[Stored entries]
[Start of section]

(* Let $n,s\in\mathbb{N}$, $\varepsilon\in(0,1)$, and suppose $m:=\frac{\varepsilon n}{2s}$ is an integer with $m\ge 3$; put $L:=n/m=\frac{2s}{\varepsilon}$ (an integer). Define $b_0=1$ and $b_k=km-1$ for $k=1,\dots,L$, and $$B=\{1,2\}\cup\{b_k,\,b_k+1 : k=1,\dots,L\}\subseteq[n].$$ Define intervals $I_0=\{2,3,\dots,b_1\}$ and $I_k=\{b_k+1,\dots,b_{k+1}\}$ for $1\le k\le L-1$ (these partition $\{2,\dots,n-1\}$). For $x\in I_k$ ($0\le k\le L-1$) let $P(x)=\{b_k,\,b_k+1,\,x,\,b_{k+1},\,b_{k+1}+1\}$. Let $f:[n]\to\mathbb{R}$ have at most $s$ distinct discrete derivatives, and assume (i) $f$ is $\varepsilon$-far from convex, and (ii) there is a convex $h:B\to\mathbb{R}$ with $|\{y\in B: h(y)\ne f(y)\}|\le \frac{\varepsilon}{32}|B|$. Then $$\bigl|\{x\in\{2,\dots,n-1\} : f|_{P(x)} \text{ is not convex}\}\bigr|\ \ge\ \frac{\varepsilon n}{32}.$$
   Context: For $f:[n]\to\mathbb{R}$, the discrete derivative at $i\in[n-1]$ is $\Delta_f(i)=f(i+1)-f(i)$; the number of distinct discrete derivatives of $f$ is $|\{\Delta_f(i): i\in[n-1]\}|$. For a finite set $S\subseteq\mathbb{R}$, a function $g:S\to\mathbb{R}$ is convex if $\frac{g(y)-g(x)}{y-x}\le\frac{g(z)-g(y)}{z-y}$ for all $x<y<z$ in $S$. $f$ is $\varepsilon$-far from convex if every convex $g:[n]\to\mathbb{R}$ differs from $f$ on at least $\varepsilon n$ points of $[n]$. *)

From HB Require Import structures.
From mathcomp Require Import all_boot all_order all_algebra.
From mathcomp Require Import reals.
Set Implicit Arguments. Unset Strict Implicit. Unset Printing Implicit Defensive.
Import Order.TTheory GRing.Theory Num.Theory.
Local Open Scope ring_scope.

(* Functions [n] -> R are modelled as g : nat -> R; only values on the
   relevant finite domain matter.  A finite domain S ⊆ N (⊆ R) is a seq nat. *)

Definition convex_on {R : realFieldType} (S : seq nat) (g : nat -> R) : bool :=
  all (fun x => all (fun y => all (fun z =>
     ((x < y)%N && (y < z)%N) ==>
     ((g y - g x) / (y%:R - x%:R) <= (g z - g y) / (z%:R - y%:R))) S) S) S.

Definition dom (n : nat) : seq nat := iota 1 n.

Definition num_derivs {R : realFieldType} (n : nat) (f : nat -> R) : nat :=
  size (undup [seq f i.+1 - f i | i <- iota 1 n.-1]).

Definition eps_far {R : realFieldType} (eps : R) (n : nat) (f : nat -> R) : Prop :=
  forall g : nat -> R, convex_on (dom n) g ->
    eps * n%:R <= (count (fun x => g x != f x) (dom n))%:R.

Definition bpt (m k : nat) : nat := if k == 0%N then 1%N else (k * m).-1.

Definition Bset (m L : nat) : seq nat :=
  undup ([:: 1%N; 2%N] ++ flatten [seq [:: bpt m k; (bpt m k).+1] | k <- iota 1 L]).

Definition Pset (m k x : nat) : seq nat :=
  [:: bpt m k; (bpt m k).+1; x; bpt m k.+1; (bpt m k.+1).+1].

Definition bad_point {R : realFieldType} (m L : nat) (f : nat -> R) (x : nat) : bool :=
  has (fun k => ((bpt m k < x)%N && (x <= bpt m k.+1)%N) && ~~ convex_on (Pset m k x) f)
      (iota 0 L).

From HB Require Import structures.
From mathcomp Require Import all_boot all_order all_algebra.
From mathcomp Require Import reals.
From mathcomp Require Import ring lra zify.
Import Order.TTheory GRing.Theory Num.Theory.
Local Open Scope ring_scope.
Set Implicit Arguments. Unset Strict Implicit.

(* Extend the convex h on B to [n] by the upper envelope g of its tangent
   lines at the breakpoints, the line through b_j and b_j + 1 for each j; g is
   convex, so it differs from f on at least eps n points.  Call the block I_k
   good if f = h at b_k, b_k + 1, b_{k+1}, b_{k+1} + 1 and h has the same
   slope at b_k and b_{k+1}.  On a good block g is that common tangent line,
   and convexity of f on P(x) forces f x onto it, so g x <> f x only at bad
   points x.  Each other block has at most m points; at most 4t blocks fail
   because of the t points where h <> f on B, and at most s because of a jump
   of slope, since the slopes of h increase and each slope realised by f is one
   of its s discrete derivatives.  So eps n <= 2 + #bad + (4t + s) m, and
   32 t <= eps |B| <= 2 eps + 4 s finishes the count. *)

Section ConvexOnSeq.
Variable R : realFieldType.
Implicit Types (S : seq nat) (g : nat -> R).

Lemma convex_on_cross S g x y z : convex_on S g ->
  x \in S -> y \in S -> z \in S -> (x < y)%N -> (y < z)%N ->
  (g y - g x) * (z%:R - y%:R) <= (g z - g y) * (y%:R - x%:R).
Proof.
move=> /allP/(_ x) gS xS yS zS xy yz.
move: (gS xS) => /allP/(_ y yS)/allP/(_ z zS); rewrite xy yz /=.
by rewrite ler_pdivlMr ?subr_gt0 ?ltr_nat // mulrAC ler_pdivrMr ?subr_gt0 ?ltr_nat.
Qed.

[End of section]
[Start of section]

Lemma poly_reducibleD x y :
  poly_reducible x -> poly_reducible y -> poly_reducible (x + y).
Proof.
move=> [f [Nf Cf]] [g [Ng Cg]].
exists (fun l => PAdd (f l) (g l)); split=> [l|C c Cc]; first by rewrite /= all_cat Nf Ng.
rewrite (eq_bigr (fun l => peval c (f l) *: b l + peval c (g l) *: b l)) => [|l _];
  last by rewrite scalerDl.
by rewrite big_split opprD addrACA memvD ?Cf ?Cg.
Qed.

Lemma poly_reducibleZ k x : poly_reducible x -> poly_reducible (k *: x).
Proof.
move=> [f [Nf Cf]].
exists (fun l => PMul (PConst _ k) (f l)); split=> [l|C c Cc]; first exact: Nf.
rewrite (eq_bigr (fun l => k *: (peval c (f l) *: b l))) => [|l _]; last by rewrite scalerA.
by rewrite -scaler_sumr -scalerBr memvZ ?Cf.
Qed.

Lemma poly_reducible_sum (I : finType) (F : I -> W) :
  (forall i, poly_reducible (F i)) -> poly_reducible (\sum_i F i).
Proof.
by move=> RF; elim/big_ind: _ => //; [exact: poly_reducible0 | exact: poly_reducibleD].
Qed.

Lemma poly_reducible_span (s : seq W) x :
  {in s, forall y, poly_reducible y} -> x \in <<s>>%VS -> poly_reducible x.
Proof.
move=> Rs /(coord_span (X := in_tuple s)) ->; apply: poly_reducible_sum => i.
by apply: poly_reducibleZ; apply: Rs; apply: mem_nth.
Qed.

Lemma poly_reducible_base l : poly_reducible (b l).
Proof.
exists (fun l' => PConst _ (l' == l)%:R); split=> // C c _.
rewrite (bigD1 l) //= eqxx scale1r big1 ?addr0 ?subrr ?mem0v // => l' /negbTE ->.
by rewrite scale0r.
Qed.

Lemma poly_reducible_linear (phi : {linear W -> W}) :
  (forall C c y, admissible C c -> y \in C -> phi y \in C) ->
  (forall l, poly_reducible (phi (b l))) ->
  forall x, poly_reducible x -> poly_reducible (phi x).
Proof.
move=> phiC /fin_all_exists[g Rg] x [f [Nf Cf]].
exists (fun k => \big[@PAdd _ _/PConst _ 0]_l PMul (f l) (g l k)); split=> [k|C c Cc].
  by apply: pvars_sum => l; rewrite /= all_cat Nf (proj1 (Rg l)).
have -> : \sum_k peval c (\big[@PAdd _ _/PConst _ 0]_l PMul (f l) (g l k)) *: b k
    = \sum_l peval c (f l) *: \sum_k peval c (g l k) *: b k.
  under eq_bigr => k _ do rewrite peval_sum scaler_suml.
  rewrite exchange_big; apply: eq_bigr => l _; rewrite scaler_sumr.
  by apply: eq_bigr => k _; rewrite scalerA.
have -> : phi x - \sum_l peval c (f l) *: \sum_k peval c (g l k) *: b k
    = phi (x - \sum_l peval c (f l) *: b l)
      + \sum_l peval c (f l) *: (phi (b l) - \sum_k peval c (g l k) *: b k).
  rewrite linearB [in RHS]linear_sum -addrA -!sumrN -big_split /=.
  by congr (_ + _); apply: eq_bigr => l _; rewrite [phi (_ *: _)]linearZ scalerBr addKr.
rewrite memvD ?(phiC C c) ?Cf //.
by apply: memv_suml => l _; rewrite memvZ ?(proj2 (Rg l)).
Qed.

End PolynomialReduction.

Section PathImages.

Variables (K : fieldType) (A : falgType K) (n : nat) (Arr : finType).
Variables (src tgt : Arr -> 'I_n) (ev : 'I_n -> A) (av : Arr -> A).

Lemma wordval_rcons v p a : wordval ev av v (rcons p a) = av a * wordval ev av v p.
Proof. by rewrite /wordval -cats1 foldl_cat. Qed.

[End of section]

Each line above from the one with "convex, so it" up to and including the one with "slope at b_k" must be set down exactly, and no line outside that span may appear.

   convex, so it differs from f on at least eps n points.  Call the block I_k
   good if f = h at b_k, b_k + 1, b_{k+1}, b_{k+1} + 1 and h has the same
   slope at b_k and b_{k+1}.  On a good block g is that common tangent line,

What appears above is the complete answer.